◆ Work instruction:
Calculate how many lines of the data hold "revert". The answer consists of that number only.

◆ Given records:
(* h(x) A lies in [x, A], by induction on the y-degree: the leading monomial
   h(x) q(x) y^n is (n+1)^-1 (h(x) q(x) e - [x, q(x) y^(n+1)]) with e of lower
   y-degree; dividing by n+1 needs characteristic 0. *)
Lemma hx_comm_x n z : ydeg_lt n z -> comm_with x (hx * z).
Proof.
have inv_n1 m : (m.+1%:R : F) != 0 by move/pcharf0P: charF0 => ->.
elim: n z => [|n IH]; apply: ydeg_lt_ind => //.
- by rewrite mulr0; exact: comm_with0.
- by move=> a b; rewrite mulrDr; exact: comm_withD.
- by rewrite mulr0; exact: comm_with0.
- by move=> a b; rewrite mulrDr; exact: comm_withD.
move=> q k; rewrite ltnS leq_eqVlt => /predU1P [-> {k} | lt_kn]; last first.
  exact/IH/ydeg_lt_monom.
have [e [deg_e lie_e]] := lie_x_ypow n.
have lead : hx * (ev q * y ^+ n) =
    (n.+1%:R)^-1 *: (hx * (ev q * e) - lie x (ev q * y ^+ n.+1)).
  rewrite lieMr lie_x_ev mul0r add0r lie_e [ev q * (hx * _)]mulrA -(ev_comm h q) -mulrA.
  rewrite -mulrBr [ev q * (e - _)]mulrBr opprB addrC subrK.
  by rewrite !mulrnAr -scaler_nat scalerA mulVf // scale1r.
rewrite lead; apply/comm_withZ/comm_withB; last exact: comm_with_lie.
exact/IH/ydeg_lt_evM.
Qed.

Lemma hideal_comm_x z : inH z -> comm_with x z.
Proof. by move=> [a ->]; have [n deg_a] := ydeg_lt_exists a; exact: hx_comm_x deg_a. Qed.

Lemma hideal_comm_y z : inH z -> comm_with y z.
Proof. by move=> [a ->]; have [n deg_a] := ydeg_lt_exists a; exact: hx_comm_y deg_a. Qed.
End CharZero.
(* S in B_A(H), given its adjoint Ss = S^* : exists R in B(H) with A R = S^* A *)
Definition in_BA ip A (Ss : H -> H) : Prop :=
  exists Rop : H -> H, bounded_op ip Rop /\ forall x : H, A (Rop x) = Ss (A x).

(* Ssh = S^{#_A} = A^dagger S^* A (S^* A takes values in R(A) when S in B_A(H)) *)
Definition is_A_adjoint ip A (Ss Ssh : H -> H) : Prop :=
  forall z : H, mp_inverse_on_range ip A (Ss (A z)) (Ssh z).

Definition ipA ip A (x z : H) : R[i] := ip (A x) z.
Definition normA ip A (z : H) : R := Num.sqrt (complex.Re (ip (A z) z)).

Definition unitA ip A : set H := [set z | normA ip A z = 1].

Definition opnormA ip A T : R :=
  sup [set normA ip A (T z) | z in unitA ip A].
Definition omegaA ip A T : R :=
  sup [set cabs (ipA ip A (T z) z) | z in unitA ip A].
Definition domegaA ip A T : R :=
  sup [set Num.sqrt (cabs (ipA ip A (T z) z) ^+ 2 + normA ip A (T z) ^+ 4)
      | z in unitA ip A].

Definition deltaA ip A (a b c : H) : R :=
  if normA ip A a * normA ip A b != 0 then
    normA ip A b / normA ip A a *
    (cabs (ipA ip A a c) * inf [set normA ip A (c - l *: b) | l in [set: R[i]]]
     - 2^-1 * inf [set normA ip A (a - m *: b) | m in [set: R[i]]]) ^+ 2
  else 0.

End ASemiHilbert.
Lemma exp4_leq_central_bin M : 4 ^ M <= (2 * M + 1) * 'C(2 * M, M).
Proof.
elim: M => [|m IH]; first by rewrite bin0.
have e1 := mul_bin_diag (2 * m).+1 m; have e2 := mul_bin_diag (2 * m.+1) m.
have sym : 'C((2 * m).+1, m.+1) = 'C((2 * m).+1, m).
  by rewrite -bin_sub; [congr binomial; lia | lia].
have pred2 : (2 * m.+1).-1 = (2 * m).+1 by lia.
rewrite pred2 in e2; rewrite /= sym in e1; rewrite expnS; nia.
Qed.

Definition central_binomial (M : nat) : nat := 'C(2 * M, M).

Lemma central_binomial_le_common_multiple M x : (0 < x)%coq_nat ->
  (forall q, (2 <= q)%coq_nat -> (q <= 2 * M)%coq_nat -> Nat.divide q x) ->
  (central_binomial M <= x)%coq_nat.
Proof.
move=> /ltP x_gt0 dvd_x; apply/leP; apply: dvdn_leq => //.
apply: bin_dvd_common_multiple => //; first lia.
move=> q /andP[q_gt0 qM]; case: (ltnP 1 q) => [q_gt1 | q_le1].
  have [c ->] : Nat.divide q x by apply: dvd_x; lia.
  exact: dvdn_mull.
by have -> : q = 1 by lia.
Qed.

Lemma pow4_le_central_binomial M : (Nat.pow 4 M <= (2 * M + 1) * central_binomial M)%coq_nat.
Proof.
have -> : Nat.pow 4 M = 4 ^ M by elim: M => //= m IH; rewrite expnS -IH.
by apply/leP; apply: exp4_leq_central_bin.
Qed.
End CentralBinomial.

(* In all the words below both propositions carry the same bit, so formulas are evaluated on
   an infinite bit stream. *)
Fixpoint holds (s : nat -> bool) (j : nat) (f : ltl) : Prop :=
  match f with
  | Atom _ => s j = true
  | Not g => ~ holds s j g
  | Next g => holds s (S j) g
  | Fin g => exists i, j <= i /\ holds s i g
  | Glob g => forall i, j <= i -> holds s i g
  | Or g h => holds s j g \/ holds s j h
  | And g h => holds s j g /\ holds s j h
  | Until g h => exists i, j <= i /\ holds s i h /\ forall k, j <= k -> k < i -> holds s k g
  end.

Definition periodic (n : nat) (s : nat -> bool) : lasso :=
  ([], map (fun i (_ : prop) => s i) (seq 0 n)).

Lemma letter_at_periodic n s j a : 0 < n -> letter_at (periodic n s) j a = s (j mod n).
Proof.
  intros Hn. assert (Hj : j mod n < n) by (apply Nat.mod_upper_bound; lia).
  unfold letter_at, periodic; simpl. rewrite Nat.sub_0_r, length_map, length_seq.
  rewrite (nth_indep _ _ ((fun i (_ : prop) => s i) 0)) by (rewrite length_map, length_seq; exact Hj).
  rewrite (map_nth (fun i (_ : prop) => s i) (seq 0 n) 0), seq_nth by exact Hj. reflexivity.
Qed.

Lemma lt_len_periodic n s j : 0 < n -> lt_len (periodic n s) j.
Proof. intros Hn. destruct n; [lia | exact I]. Qed.

Lemma valid_periodic n s : 0 < n -> valid_lasso (periodic n s).
Proof. intros Hn. destruct n; [lia | discriminate]. Qed.

Lemma sat_periodic n s f : 0 < n ->
  forall j, sat (periodic n s) j f <-> holds (fun i => s (i mod n)) j f.
Proof.
  intros Hn. pose proof (lt_len_periodic n s) as Hlen.
  induction f; intros j; cbn [sat holds].
  - rewrite letter_at_periodic by exact Hn. reflexivity.
  - rewrite IHf. reflexivity.
  - rewrite IHf. firstorder.
  - setoid_rewrite IHf. firstorder.
  - setoid_rewrite IHf. firstorder.
  - rewrite IHf1, IHf2. reflexivity.
  - rewrite IHf1, IHf2. reflexivity.
  - setoid_rewrite IHf1. setoid_rewrite IHf2. firstorder.
Qed.

(* [U] has no dual in the language: its image is arbitrary, and [holds_dual] excludes it. *)
Fixpoint dual (f : ltl) : ltl :=
  match f with
  | Atom a => Atom a
  | Not g => Not (dual g)
  | Next g => Next (dual g)
  | Fin g => Glob (dual g)
  | Glob g => Fin (dual g)
  | Or g h => And (dual g) (dual h)
  | And g h => Or (dual g) (dual h)
  | Until g h => Until (dual g) (dual h)
  end.

Definition dual_op (o : op) : op :=
  match o with
  | OF => OG
  | OG => OF
  | OOr => OAnd
  | OAnd => OOr
  | o => o
  end.

Lemma in_frag_dual O f : in_frag O f -> in_frag (fun o => O (dual_op o)) (dual f).
Proof. induction f; simpl; tauto. Qed.

Lemma holds_dual O s s' f : (forall i, s' i = negb (s i)) -> ~ O OU -> in_frag O f ->
  forall j, holds s' j f <-> ~ holds s j (dual f).
Proof.
  intros Hs' HU. induction f; cbn [in_frag holds dual]; intros Hf j.
  - rewrite Hs'. destruct (s j); intuition discriminate.
  - rewrite IHf by tauto. reflexivity.
  - apply IHf. tauto.
  - setoid_rewrite IHf; [|tauto]. split.
    + intros [i [Hi Hn]] H. exact (Hn (H i Hi)).
    + intros H. apply NNPP. intros Hno. apply H. intros i Hi.
      apply NNPP. intros Hn. apply Hno. exists i. tauto.
  - setoid_rewrite IHf; [|tauto]. firstorder.
  - rewrite IHf1, IHf2 by tauto. destruct (classic (holds s j (dual f1))); tauto.
  - rewrite IHf1, IHf2 by tauto. tauto.
  - tauto.
Qed.

Fixpoint ht (f : ltl) : nat :=
  match f with
  | Atom _ => 1
  | Not g | Next g | Fin g | Glob g => S (ht g)
  | Or g h | And g h | Until g h => S (Nat.max (ht g) (ht h))
  end.

Lemma ht_dual f : ht (dual f) = ht f.
Proof. induction f; simpl; congruence. Qed.

Lemma subformula_of_height f h : 1 <= h <= ht f -> exists g, In g (subf f) /\ ht g = h.
Proof.
  revert h. induction f; intros h Hh; simpl in Hh |- *;
    match goal with |- exists g, (?F = g \/ _) /\ _ =>
      destruct (Nat.eq_dec h (ht F)) as [->|Hne]; [exists F; auto|]; simpl in Hne
    end.
  1: lia.
  all: try (destruct (IHf h) as [g [Hg Hgh]]; [lia | exists g; auto]).
  all: destruct (Nat.le_gt_cases h (ht f1)).
  all: try (destruct (IHf1 h) as [g [Hg Hgh]]; [lia | exists g; split; [right; apply in_or_app|]; auto]).
  all: destruct (IHf2 h) as [g [Hg Hgh]]; [lia | exists g; split; [right; apply in_or_app|]; auto].
Qed.

Lemma ht_le_sz f : ht f <= sz f.
Proof.
  unfold sz. rewrite <- (length_seq (ht f) 1) at 1.
  rewrite <- (length_map ht (nodup ltl_eq_dec (subf f))).
  apply NoDup_incl_length; [apply seq_NoDup|].
  intros h Hh. apply in_seq in Hh.
  destruct (subformula_of_height f h) as [g [Hg Hgh]]; [lia|].
  apply in_map_iff. exists g. split; [exact Hgh | apply nodup_In; exact Hg].
Qed.

Definition tick (q j : nat) : bool := j mod q =? q - 1.

Lemma tick_spec q j : 0 < q -> tick q j = true <-> Nat.divide q (S j).
Proof.
  intros Hq. unfold tick. rewrite Nat.eqb_eq.
  pose proof (Nat.div_mod_eq j q) as Hdiv.
  pose proof (Nat.mod_upper_bound j q ltac:(lia)) as Hmod.
  split.
  - intros Hj. exists (j / q + 1). nia.
  - intros [c Hc]. destruct c as [|c]; [lia|].
    symmetry. apply (Nat.mod_unique j q c); lia.
Qed.

Lemma tick_two_shift a b : tick 2 (a + 1 + 2 * b) = negb (tick 2 a).
Proof.
  unfold tick. replace (a + 1 + 2 * b) with (S a + b * 2) by lia.
  rewrite Nat.Div0.mod_add.
  destruct (Nat.Even_or_Odd a) as [[c ->]|[c ->]].
  - rewrite <- (Nat.mod_unique (S (2 * c)) 2 c 1), <- (Nat.mod_unique (2 * c) 2 c 0) by lia.
    reflexivity.
  - rewrite <- (Nat.mod_unique (S (2 * c + 1)) 2 (S c) 0), <- (Nat.mod_unique (2 * c + 1) 2 c 1) by lia.
    reflexivity.
Qed.

Lemma divide_fact q N : 1 <= q <= N -> Nat.divide q (fact N).
Proof.
  induction N as [|N IH]; intros Hq; [lia|].
  destruct (Nat.eq_dec q (S N)) as [->|Hne].
  - apply Nat.divide_factor_l.
  - simpl. apply Nat.divide_add_r; [|apply Nat.divide_mul_r]; apply IH; lia.
Qed.

Lemma tick_fact_pred q N : 1 <= q <= N -> tick q (fact N - 1) = true.
Proof.
  intros Hq. apply tick_spec; [lia|].
  pose proof (lt_O_fact N). replace (S (fact N - 1)) with (fact N) by lia.
  apply divide_fact. exact Hq.
Qed.

(* Reading each [tick q] from position [x q] and the complement of [tick 2] from position [y],
   during the next [h] steps the latter reads 1 whenever all the former do. *)
Definition aligned (qs : list nat) (h : nat) (x : nat -> nat) (y : nat) : Prop :=
  forall t, t < h -> (forall q, In q qs -> tick q (x q + t) = true) -> tick 2 (y + t) = false.

Lemma aligned_next qs h x y : aligned qs h x y -> aligned qs (h - 1) (fun q => S (x q)) (S y).
Proof.
  intros Hal t Ht Hticks. replace (S y + t) with (y + S t) by lia.
  apply Hal; [lia|]. intros q Hq. replace (x q + S t) with (S (x q) + t) by lia. auto.
Qed.

Lemma aligned_fin qs h z y : In 2 qs -> aligned qs h z (z 2 + 1 + 2 * y).
Proof.
  intros H2 t _ Hticks. replace (z 2 + 1 + 2 * y + t) with (z 2 + t + 1 + 2 * y) by lia.
  rewrite tick_two_shift, (Hticks 2 H2). reflexivity.
Qed.

Lemma aligned_glob qs h x z : In 2 qs ->
  aligned qs h (fun q => if q =? 2 then z + 1 + 2 * x 2 else x q) z.
Proof.
  intros H2 t _ Hticks. specialize (Hticks 2 H2). rewrite Nat.eqb_refl in Hticks.
  replace (z + 1 + 2 * x 2 + t) with (z + t + 1 + 2 * x 2) in Hticks by lia.
  rewrite tick_two_shift in Hticks. destruct (tick 2 (z + t)); easy.
Qed.

Lemma list_choice (l : list nat) (R : nat -> nat -> Prop) :
  (forall q, In q l -> exists i, R q i) -> exists z, forall q, In q l -> R q (z q).
Proof.
  induction l as [|a l IH]; intros H.
  - exists (fun _ => 0). intros q [].
  - destruct (H a (or_introl eq_refl)) as [ia Ha].
    destruct IH as [z Hz]; [intros q Hq; apply H; right; exact Hq|].
    exists (fun q => if q =? a then ia else z q). intros q [<-|Hq].
    + rewrite Nat.eqb_refl. exact Ha.
    + destruct (Nat.eqb_spec q a) as [->|_]; auto.
Qed.

Lemma holds_transfer qs O : In 2 qs -> ~ O OOr -> ~ O ONot -> ~ O OU ->
  forall f, in_frag O f -> forall h x y, ht f <= h -> aligned qs h x y ->
  (forall q, In q qs -> holds (tick q) (x q) f) -> holds (fun j => negb (tick 2 j)) y f.
Proof.
  intros H2 HOr HNot HU.
  induction f; cbn [in_frag holds ht]; intros Hf h x y Hh Hal Hqs; try tauto.
  - rewrite <- (Nat.add_0_r y), (Hal 0); [reflexivity | lia |].
    intros q Hq. rewrite Nat.add_0_r. exact (Hqs q Hq).
  - apply (IHf (proj2 Hf) (h - 1) (fun q => S (x q))); [lia | apply aligned_next; exact Hal | exact Hqs].
  - destruct (list_choice qs _ Hqs) as [z Hz].
    exists (z 2 + 1 + 2 * y). split; [lia|].
    apply (IHf (proj2 Hf) (h - 1) z); [lia | apply aligned_fin; exact H2 |].
    intros q Hq. apply Hz. exact Hq.
  - intros i Hi.
    apply (IHf (proj2 Hf) (h - 1) (fun q => if q =? 2 then i + 1 + 2 * x 2 else x q));
      [lia | apply aligned_glob; exact H2 |].
    intros q Hq. destruct (Nat.eqb_spec q 2) as [->|_]; apply Hqs; auto; lia.
  - split; [apply (IHf1 (proj1 (proj2 Hf)) h x y) | apply (IHf2 (proj2 (proj2 Hf)) h x y)];
      solve [lia | exact Hal | intros q Hq; apply Hqs; exact Hq].
Qed.

Definition moduli (M : nat) : list nat := seq 2 (2 * M - 1).

Lemma in_moduli M q : 1 <= M -> In q (moduli M) <-> 2 <= q <= 2 * M.
Proof. intros HM. unfold moduli. rewrite in_seq. lia. Qed.

Lemma aligned_below_central_binomial M h : 1 <= M ->
  h < CentralBinomial.central_binomial M -> aligned (moduli M) h (fun _ => 0) 0.
Proof.
  intros HM Hh t Ht Hticks. exfalso.
  enough (CentralBinomial.central_binomial M <= S t) by lia.
  apply CentralBinomial.central_binomial_le_common_multiple; [lia|].
  intros q Hq2 HqM. apply tick_spec; [lia|]. apply (Hticks q), in_moduli; lia.
Qed.

Lemma central_binomial_le_ht O M f : 1 <= M -> ~ O OOr -> ~ O ONot -> ~ O OU -> in_frag O f ->
  (forall q, In q (moduli M) -> holds (tick q) 0 f) -> ~ holds (fun j => negb (tick 2 j)) 0 f ->
  CentralBinomial.central_binomial M <= ht f.
Proof.
  intros HM HOr HNot HU Hf Hpos Hneg.
  destruct (Nat.le_gt_cases (CentralBinomial.central_binomial M) (ht f)) as [|Hlt]; [assumption|].
  exfalso. apply Hneg.
  apply (holds_transfer (moduli M) O) with (h := ht f) (x := fun _ => 0); auto.
  - apply in_moduli; lia.
  - apply aligned_below_central_binomial; lia.
Qed.

Definition tick_word (q : nat) : lasso := periodic q (fun i => i =? q - 1).
Definition cotick_word (q : nat) : lasso := periodic q (fun i => negb (i =? q - 1)).

Lemma models_tick_word q f : 0 < q -> models (tick_word q) f <-> holds (tick q) 0 f.
Proof. intros Hq. exact (sat_periodic q _ f Hq 0). Qed.

Lemma models_cotick_word q f : 0 < q ->
  models (cotick_word q) f <-> holds (fun j => negb (tick q j)) 0 f.
Proof. intros Hq. exact (sat_periodic q _ f Hq 0). Qed.

Fixpoint nexts (n : nat) (g : ltl) : ltl :=
  match n with 0 => g | S m => Next (nexts m g) end.

Lemma holds_nexts s n g j : holds s j (nexts n g) <-> holds s (n + j) g.
Proof.
  revert j. induction n as [|n IH]; intros j; simpl; [reflexivity|].
  rewrite IH, Nat.add_succ_r. reflexivity.
Qed.

Lemma in_frag_nexts O n g : O OX -> in_frag O g -> in_frag O (nexts n g).
Proof. intros HX Hg. induction n; simpl; auto. Qed.

Definition separator (M : nat) (a : prop) : ltl := nexts (fact (2 * M) - 1) (Atom a).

◆ Exercise response:
2